- **TASK OBJECTIVE**
Once the line containing "Rlt (w (xs 0%N))" is found in the records below, return it and each following line exactly, up to and including the line containing "let n0 be the", and nothing else.
****************************************
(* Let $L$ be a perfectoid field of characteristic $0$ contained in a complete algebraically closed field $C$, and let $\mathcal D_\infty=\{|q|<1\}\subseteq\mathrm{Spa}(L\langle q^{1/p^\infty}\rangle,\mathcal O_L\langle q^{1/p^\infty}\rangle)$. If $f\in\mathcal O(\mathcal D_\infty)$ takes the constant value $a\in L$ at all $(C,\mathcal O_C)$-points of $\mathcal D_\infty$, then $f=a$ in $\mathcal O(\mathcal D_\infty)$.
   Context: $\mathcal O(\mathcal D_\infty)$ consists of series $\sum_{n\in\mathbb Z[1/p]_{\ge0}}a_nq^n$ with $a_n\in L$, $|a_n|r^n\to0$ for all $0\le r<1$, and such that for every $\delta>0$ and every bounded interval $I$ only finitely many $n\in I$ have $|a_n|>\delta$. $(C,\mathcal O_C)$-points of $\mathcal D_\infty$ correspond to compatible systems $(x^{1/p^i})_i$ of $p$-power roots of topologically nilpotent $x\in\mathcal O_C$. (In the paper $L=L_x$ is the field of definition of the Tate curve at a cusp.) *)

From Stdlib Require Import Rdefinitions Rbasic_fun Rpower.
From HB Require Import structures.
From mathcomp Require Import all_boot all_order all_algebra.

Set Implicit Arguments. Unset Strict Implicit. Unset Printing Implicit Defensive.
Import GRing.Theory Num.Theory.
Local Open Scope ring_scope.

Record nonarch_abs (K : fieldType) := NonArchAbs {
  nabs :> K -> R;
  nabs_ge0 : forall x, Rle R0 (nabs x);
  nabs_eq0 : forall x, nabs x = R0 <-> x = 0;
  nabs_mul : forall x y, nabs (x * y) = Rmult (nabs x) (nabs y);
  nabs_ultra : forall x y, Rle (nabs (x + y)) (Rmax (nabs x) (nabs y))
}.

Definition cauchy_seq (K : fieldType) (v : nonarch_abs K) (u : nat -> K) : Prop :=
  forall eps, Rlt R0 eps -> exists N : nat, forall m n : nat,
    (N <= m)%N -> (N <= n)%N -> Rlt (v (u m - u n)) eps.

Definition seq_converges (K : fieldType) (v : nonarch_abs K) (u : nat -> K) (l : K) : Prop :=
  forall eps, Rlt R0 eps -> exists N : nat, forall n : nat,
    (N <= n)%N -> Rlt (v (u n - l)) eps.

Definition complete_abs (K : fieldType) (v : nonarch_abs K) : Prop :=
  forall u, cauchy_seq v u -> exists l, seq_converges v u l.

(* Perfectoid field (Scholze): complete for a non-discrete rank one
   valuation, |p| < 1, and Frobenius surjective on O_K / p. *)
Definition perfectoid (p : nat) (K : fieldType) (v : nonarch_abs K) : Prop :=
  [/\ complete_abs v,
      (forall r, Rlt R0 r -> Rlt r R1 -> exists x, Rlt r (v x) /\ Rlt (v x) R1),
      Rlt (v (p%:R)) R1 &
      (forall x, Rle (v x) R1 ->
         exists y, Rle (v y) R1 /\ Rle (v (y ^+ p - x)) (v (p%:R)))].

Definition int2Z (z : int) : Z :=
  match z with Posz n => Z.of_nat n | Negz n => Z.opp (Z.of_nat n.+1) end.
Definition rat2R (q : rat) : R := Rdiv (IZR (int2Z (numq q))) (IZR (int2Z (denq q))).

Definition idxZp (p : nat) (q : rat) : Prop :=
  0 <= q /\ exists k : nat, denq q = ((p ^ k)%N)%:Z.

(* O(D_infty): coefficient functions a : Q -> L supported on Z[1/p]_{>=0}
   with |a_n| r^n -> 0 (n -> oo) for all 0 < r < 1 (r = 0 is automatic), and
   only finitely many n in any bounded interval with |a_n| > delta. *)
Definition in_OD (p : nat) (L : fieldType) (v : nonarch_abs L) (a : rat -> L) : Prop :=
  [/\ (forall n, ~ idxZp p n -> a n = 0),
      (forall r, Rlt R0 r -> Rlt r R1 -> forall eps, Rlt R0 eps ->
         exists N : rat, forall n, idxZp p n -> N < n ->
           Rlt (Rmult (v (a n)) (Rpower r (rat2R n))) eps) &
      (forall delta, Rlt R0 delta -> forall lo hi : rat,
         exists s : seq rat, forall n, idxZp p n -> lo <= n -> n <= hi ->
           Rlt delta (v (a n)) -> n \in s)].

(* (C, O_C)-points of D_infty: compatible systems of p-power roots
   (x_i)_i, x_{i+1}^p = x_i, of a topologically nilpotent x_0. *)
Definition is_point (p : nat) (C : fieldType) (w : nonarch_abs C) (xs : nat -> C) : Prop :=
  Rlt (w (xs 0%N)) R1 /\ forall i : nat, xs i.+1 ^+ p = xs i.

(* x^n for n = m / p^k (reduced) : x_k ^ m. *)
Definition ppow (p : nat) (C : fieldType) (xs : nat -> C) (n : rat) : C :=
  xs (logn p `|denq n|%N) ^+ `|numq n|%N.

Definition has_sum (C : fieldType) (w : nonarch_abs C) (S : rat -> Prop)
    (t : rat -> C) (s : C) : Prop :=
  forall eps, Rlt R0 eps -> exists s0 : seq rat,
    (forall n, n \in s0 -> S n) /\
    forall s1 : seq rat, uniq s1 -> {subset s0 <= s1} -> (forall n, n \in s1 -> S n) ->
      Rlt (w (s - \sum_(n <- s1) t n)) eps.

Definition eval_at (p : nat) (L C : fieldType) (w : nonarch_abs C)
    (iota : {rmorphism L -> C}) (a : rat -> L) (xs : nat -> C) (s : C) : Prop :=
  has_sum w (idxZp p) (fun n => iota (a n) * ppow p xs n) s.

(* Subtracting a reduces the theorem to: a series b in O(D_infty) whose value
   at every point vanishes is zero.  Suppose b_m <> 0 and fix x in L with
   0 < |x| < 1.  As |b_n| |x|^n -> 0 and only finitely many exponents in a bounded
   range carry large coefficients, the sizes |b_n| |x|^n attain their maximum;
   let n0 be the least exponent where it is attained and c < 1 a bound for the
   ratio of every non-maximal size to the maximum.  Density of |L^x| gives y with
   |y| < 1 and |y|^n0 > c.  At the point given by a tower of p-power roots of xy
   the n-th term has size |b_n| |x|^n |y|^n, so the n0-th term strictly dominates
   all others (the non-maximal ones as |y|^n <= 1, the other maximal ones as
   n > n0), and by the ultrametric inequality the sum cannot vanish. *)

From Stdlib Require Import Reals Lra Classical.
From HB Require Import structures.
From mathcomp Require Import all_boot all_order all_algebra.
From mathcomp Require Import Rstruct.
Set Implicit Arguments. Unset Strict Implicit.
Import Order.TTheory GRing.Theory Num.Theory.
****************************************
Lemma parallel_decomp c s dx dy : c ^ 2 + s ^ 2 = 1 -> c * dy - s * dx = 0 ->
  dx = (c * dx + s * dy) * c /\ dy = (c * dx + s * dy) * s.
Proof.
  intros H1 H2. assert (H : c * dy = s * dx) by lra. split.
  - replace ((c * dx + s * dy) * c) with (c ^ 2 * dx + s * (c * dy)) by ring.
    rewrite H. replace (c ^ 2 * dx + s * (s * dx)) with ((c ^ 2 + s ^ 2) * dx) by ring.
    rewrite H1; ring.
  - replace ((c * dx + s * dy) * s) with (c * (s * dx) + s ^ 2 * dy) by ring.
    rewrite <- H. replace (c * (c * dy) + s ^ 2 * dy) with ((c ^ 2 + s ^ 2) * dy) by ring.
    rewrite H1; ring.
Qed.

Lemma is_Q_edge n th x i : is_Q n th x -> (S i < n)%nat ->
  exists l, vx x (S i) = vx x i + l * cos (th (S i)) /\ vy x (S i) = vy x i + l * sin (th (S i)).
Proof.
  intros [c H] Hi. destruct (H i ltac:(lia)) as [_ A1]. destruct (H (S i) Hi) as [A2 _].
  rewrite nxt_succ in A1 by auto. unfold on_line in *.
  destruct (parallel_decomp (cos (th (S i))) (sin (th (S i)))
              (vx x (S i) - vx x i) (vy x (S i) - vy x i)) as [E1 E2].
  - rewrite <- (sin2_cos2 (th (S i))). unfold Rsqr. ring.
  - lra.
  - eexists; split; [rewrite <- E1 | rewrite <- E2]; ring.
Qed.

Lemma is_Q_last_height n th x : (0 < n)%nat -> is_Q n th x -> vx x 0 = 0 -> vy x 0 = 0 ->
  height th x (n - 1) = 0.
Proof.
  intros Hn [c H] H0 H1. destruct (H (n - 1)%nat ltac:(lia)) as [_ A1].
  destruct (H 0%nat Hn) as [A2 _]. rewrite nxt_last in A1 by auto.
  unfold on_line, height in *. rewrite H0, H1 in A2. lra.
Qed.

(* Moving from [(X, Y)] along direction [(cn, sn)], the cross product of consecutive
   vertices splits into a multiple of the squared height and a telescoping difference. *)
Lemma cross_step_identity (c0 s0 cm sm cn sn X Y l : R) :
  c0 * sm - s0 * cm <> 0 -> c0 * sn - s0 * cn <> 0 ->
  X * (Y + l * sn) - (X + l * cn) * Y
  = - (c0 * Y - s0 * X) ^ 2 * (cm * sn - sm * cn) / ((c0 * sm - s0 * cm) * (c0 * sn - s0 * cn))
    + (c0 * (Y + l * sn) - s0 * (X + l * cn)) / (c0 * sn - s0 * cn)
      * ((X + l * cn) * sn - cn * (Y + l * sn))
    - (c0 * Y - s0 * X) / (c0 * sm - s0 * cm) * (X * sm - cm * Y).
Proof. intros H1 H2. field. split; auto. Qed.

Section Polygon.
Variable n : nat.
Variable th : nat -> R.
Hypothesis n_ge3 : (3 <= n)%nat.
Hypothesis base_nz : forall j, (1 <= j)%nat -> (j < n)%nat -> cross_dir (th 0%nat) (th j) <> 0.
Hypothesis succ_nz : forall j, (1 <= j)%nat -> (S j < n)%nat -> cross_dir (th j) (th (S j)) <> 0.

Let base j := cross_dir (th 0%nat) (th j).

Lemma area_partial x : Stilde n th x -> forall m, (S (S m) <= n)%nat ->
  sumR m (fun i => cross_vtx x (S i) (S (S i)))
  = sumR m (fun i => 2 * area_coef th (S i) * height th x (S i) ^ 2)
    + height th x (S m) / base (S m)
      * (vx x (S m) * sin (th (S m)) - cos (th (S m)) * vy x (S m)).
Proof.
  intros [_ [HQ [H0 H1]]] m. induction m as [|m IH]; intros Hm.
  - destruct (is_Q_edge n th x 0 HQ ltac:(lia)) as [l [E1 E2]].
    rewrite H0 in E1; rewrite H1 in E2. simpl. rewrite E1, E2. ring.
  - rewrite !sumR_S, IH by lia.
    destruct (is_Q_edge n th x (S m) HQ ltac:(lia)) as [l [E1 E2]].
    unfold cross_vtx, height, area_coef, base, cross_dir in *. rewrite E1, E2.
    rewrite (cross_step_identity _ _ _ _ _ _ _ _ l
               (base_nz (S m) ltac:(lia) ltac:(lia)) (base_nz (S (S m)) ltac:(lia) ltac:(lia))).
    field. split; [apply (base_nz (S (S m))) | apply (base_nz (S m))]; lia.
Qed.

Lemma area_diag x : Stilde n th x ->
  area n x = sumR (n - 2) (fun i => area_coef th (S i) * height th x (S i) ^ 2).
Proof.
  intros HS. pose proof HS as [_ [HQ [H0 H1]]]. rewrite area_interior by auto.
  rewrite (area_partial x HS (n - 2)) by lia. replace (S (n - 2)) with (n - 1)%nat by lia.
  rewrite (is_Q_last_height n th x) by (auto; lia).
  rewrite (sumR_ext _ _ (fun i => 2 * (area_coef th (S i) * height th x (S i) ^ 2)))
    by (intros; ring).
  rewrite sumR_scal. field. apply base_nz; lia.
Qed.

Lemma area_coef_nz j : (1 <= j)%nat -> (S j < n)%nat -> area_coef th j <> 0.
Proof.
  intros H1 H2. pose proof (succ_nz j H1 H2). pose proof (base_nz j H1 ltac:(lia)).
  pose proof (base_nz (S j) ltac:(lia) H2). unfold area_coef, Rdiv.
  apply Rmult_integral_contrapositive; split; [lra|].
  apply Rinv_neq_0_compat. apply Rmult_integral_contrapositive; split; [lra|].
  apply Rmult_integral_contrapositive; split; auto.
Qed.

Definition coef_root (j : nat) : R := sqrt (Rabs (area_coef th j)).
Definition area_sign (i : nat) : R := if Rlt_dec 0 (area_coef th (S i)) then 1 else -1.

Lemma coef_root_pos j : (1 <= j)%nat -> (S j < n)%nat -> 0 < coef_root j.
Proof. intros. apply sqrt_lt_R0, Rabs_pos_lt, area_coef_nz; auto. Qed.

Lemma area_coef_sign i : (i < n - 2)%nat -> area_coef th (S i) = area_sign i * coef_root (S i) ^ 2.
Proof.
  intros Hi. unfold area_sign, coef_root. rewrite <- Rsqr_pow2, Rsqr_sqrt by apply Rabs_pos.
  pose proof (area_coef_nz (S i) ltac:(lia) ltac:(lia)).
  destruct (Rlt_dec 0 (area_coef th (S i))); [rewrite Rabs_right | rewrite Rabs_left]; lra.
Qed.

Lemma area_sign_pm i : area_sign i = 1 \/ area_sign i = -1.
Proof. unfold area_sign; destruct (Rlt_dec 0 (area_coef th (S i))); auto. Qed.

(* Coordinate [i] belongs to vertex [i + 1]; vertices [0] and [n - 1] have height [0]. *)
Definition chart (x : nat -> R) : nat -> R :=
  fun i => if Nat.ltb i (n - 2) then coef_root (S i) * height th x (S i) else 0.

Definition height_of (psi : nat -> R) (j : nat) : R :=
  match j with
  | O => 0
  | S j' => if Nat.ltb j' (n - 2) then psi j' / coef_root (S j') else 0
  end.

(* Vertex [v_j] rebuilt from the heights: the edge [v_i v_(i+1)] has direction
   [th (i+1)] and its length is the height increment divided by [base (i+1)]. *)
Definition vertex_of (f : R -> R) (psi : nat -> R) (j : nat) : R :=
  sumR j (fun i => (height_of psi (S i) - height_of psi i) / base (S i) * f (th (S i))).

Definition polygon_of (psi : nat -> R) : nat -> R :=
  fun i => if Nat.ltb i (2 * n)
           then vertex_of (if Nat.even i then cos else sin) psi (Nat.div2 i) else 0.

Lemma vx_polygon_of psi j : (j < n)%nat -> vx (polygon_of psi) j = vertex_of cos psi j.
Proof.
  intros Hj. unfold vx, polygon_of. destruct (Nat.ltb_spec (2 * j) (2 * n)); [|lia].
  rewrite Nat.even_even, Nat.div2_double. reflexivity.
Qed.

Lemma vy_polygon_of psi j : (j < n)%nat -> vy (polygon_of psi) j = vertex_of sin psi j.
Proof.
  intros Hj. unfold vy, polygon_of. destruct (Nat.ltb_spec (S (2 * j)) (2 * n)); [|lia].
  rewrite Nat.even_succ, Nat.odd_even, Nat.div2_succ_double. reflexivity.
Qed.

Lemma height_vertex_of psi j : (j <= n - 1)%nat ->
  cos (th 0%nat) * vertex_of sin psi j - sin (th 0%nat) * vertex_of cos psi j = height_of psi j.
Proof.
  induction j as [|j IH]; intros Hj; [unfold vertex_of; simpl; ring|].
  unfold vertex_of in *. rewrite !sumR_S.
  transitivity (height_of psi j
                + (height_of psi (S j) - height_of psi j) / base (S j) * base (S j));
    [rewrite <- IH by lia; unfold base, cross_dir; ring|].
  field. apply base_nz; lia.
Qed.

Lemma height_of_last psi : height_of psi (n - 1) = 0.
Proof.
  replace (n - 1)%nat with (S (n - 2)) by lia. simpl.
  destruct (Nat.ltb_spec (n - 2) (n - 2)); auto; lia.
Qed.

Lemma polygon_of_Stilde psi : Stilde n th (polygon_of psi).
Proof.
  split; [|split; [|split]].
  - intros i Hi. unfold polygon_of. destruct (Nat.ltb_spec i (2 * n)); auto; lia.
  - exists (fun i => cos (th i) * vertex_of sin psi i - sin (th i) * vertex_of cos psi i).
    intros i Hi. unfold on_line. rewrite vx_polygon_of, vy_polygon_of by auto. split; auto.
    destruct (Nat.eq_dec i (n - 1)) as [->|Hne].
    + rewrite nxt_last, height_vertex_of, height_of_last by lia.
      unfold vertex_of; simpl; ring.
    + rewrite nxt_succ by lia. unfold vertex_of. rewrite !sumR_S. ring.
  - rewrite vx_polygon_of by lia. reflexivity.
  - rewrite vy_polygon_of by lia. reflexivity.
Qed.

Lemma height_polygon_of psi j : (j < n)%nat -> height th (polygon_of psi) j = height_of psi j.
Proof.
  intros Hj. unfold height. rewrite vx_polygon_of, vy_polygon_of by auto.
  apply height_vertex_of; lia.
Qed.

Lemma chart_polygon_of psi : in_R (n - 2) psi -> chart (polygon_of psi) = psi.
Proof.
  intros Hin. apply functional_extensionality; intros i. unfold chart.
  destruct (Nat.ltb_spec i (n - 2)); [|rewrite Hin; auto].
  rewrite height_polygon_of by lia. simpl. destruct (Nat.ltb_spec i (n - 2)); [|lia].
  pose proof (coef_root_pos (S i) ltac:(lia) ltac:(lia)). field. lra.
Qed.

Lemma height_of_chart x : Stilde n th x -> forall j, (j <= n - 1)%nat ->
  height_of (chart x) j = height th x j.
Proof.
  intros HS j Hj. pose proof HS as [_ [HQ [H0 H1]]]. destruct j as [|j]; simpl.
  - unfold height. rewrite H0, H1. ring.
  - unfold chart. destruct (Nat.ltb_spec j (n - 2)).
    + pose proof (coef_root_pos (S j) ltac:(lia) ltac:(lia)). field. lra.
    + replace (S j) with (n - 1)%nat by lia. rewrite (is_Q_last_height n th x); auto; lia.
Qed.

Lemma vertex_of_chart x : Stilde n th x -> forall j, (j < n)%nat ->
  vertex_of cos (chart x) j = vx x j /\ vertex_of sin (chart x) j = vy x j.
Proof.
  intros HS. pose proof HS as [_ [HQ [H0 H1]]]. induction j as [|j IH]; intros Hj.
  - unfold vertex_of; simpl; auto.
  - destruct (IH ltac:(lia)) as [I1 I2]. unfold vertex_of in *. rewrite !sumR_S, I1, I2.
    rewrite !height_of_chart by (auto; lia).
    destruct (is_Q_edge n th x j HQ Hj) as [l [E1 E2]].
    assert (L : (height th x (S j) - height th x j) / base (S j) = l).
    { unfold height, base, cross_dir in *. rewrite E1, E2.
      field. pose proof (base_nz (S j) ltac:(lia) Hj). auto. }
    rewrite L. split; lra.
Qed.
****************************************
- **ANSWER SPACE**
  Rlt (w (xs 0%N)) R1 /\ forall i : nat, xs i.+1 ^+ p = xs i.

(* x^n for n = m / p^k (reduced) : x_k ^ m. *)
Definition ppow (p : nat) (C : fieldType) (xs : nat -> C) (n : rat) : C :=
  xs (logn p `|denq n|%N) ^+ `|numq n|%N.

Definition has_sum (C : fieldType) (w : nonarch_abs C) (S : rat -> Prop)
    (t : rat -> C) (s : C) : Prop :=
  forall eps, Rlt R0 eps -> exists s0 : seq rat,
    (forall n, n \in s0 -> S n) /\
    forall s1 : seq rat, uniq s1 -> {subset s0 <= s1} -> (forall n, n \in s1 -> S n) ->
      Rlt (w (s - \sum_(n <- s1) t n)) eps.

Definition eval_at (p : nat) (L C : fieldType) (w : nonarch_abs C)
    (iota : {rmorphism L -> C}) (a : rat -> L) (xs : nat -> C) (s : C) : Prop :=
  has_sum w (idxZp p) (fun n => iota (a n) * ppow p xs n) s.

(* Subtracting a reduces the theorem to: a series b in O(D_infty) whose value
   at every point vanishes is zero.  Suppose b_m <> 0 and fix x in L with
   0 < |x| < 1.  As |b_n| |x|^n -> 0 and only finitely many exponents in a bounded
   range carry large coefficients, the sizes |b_n| |x|^n attain their maximum;
   let n0 be the least exponent where it is attained and c < 1 a bound for the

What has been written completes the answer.